Found
- Author: Harlan Coben
- Language: English
- Genre: Thriller, mystery, suspense
- Publisher: Penguin Young Readers Group
- Publication date: September 9, 2014
- Publication place: United States
- Media type: Print (hardback, paperback), e-book, audiobook
- Pages: 336
- ISBN: 9780147515742

= Found (novel) =

2014 novel by Harlan Coben

Found is the third book in Harlan Coben's young adult series featuring Mickey Bolitar. This series is a spin-off of Coben's popular Myron Bolitar novels. Found continues the story of Mickey, who is still grappling with the aftermath of his father's death. The narrative unfolds eight months after the tragic event, during which Mickey has been dealing with a slew of mysteries and dark secrets.

==Plot==
The story picks up eight months after Mickey witnessed the death of his father. Haunted by the possibility that his father's death might not have been accidental, Mickey, along with his friends Ema, Spoon, and his uncle Myron, delve deeper into uncovering the truth. The narrative begins with Mickey witnessing his father's coffin being exhumed, revealing suspicious contents that raise more questions than answers.

Mickey faces typical teenage challenges, such as fitting in at school and dealing with relationships, while simultaneously being involved in high-stakes mysteries. One major plotline involves Mickey trying to find Ema's missing online boyfriend, who might not even exist. Another subplot includes Mickey helping his nemesis, Troy Taylor, who tested positive for drugs and seeks to clear his name. As the mysteries intensify, Mickey and his friends risk their lives to uncover the truth, leading to a shocking climax that provides both resolution and new beginnings for the characters.

==Publication==
Harlan Coben's Found was released on September 9, 2014, by Penguin Young Readers Group, and available in hardcover, paperback, e-book, and audiobook formats.

==Reception==
Overall, critics appreciated Found for its fast-paced and engaging narrative, strong character development, and ability to blend mystery and adventure with the everyday experiences of adolescence. The book was noted for its appeal to both young adult and adult readers, maintaining the quality and excitement established in the first two books of the series.
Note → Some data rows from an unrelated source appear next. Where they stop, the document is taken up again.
(* Since every rho_s is surjective, each j_s factors through q along a section
   of rho_s; so q is surjective, and a map out of X descends to Y as soon as its
   composite with s-bar is constant on the fibres of rho_s.  The unit eta has
   this property: in a non-singular quotient Z the image of s is t^* w with w
   non-degenerate, so the vertices of w are pairwise distinct; hence the monotone
   t identifies i and j whenever s eps_i = s eps_j, and therefore identifies
   every ~=-class, i.e. t factors through rho_s.  Finally, if Y is non-singular
   then Y = X/ker q is one of the quotients over which DX is formed, so
   eta a = eta b forces q a = q b and p is injective. *)

Lemma sig_eqP (A : Type) (P : A -> Prop) (a b : {x | P x}) : sval a = sval b -> a = b.
Proof. by case: a b => a ha [b hb] /= e; subst; rewrite (proof_irrelevance _ ha hb). Qed.

Lemma opfun_comp m n p (g : Op n p) (f : Op m n) i :
  opfun (compOp g f) i = opfun g (opfun f i).
Proof. by rewrite /opfun /= ffunE. Qed.

Lemma comp1Op m n (f : Op m n) : compOp (idOp n) f = f.
Proof. by apply: opP => i; rewrite opfun_comp /opfun /= ffunE. Qed.

Lemma opfun_mono m n (f : Op m n) (i j : 'I_m.+1) : i <= j -> opfun f i <= opfun f j.
Proof.
case: f => f hf; rewrite /opfun /= => hij.
by move/forallP: hf => /(_ i) /forallP /(_ j) /implyP; apply.
Qed.

Lemma opfun_vtx n (i : 'I_n.+1) k : opfun (vtx i) k = i.
Proof. by rewrite /opfun /= ffunE. Qed.

Lemma compOp_vtx n p (g : Op n p) (i : 'I_n.+1) : compOp g (vtx i) = vtx (opfun g i).
Proof. by apply: opP => k; rewrite opfun_comp !opfun_vtx. Qed.

(* The section picks the least element of each fibre, which is monotone. *)
Lemma op_surj_section n m (r : Op n m) : op_surj r ->
  exists s : Op m n, compOp r s = idOp m.
Proof.
move=> r_surj.
pose P (j : 'I_m.+1) : pred nat := fun i => (i < n.+1) && (opfun r (inord i) == j).
have fibre_nonempty j : exists i, P j i.
  by case: (r_surj j) => i hi; exists (val i); rewrite /P ltn_ord inord_val hi /=.
pose s j : 'I_n.+1 := inord (ex_minn (fibre_nonempty j)).
have rs j : opfun r (s j) = j by rewrite /s; case: ex_minnP => a /andP [_ /eqP].
have s_mono : monob [ffun j => s j].
  apply/forallP=> j1; apply/forallP=> j2; rewrite !ffunE; apply/implyP=> le12.
  rewrite /s; case: ex_minnP => a1 /andP [a1n /eqP ha1] min1.
  case: ex_minnP => a2 /andP [a2n /eqP ha2] _.
  rewrite !inordK //; case: leqP => // lt21.
  have : opfun r (inord a2) <= opfun r (inord a1) by apply: opfun_mono; rewrite !inordK // ltnW.
  rewrite ha1 ha2 => le21.
  have e12 : j1 = j2 by apply: val_inj; apply/eqP; rewrite eqn_leq le12 le21.
  by have := min1 a2; rewrite /P a2n ha2 -e12 eqxx leqNgt lt21 => /(_ isT).
exists (exist (fun f => monob f) _ s_mono).
by apply: opP => j; rewrite opfun_comp {2 3}/opfun /= !ffunE rs.
Qed.

Lemma nondeg_decomposition (Z : sSet) n (z : Z n) :
  exists m (t : Op n m) (w : Z m), op_surj t /\ nondeg w /\ z = sact t w.
Proof.
elim/ltn_ind: n z => n IH z.
case: (classic (degenerate z)) => [[m [s [y [lt_mn [s_surj ->]]]]] | z_nd].
  have [m' [t [w [t_surj [w_nd ->]]]]] := IH m lt_mn y.
  exists m', (compOp t s), w; split; last by rewrite sact_comp.
  move=> i; case: (t_surj i) => a <-; case: (s_surj a) => b <-.
  by exists b; rewrite opfun_comp.
exists n, (idOp n), z; rewrite sact_id; split=> //.
by move=> i; exists i; rewrite /opfun /= ffunE.
Qed.

Lemma nonsingular_vtx_inj (Z : sSet) n (w : Z n) (u v : 'I_n.+1) :
  nonsingular Z -> nondeg w -> sact (vtx u) w = sact (vtx v) w -> u = v.
Proof.
move=> Z_ns w_nd e.
by rewrite -(opfun_vtx u ord0) (Z_ns _ _ w_nd 0 (vtx u) (vtx v) e) opfun_vtx.
Qed.

Section Enforcer.
Variables (X Z : sSet) (pi : sMap X Z) (n : nat) (x : X n).
Hypothesis Z_ns : nonsingular Z.

Lemma esimeq_image (m : nat) (t : Op n m) (w : Z m) :
  nondeg w -> pi n x = sact t w ->
  forall i i', esimeq x i i' -> opfun t i = opfun t i'.
Proof.
move=> w_nd pix.
have esim_image i i' : esim x i i' -> opfun t i = opfun t i'.
  move=> e; apply: (nonsingular_vtx_inj Z_ns w_nd).
  by rewrite -!compOp_vtx !sact_comp -pix -!smap_nat e.
move=> i i'; elim=> [{}i {}i' [k [/andP [le_ik le_ki'] /esim_image tk]] | // | // | ].
- apply: val_inj; apply/eqP; rewrite eqn_leq (opfun_mono t le_ik) /=.
  by rewrite tk (opfun_mono t le_ki').
- by move=> ? ? ? _ -> _ ->.
Qed.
Kirkus Reviews praised Found for maintaining a swift pace and keeping readers engaged throughout the narrative. They highlighted the book's ability to balance high school challenges with more intense, mysterious plotlines, making it an exciting read for both teens and adults.

Linda Wilson from Crime Review acknowledged the book's appeal to young adult readers, particularly those who enjoy a mix of mystery and adventure. They highlighted the strong character development and the interplay between the more fantastical elements and the everyday struggles of teenage life.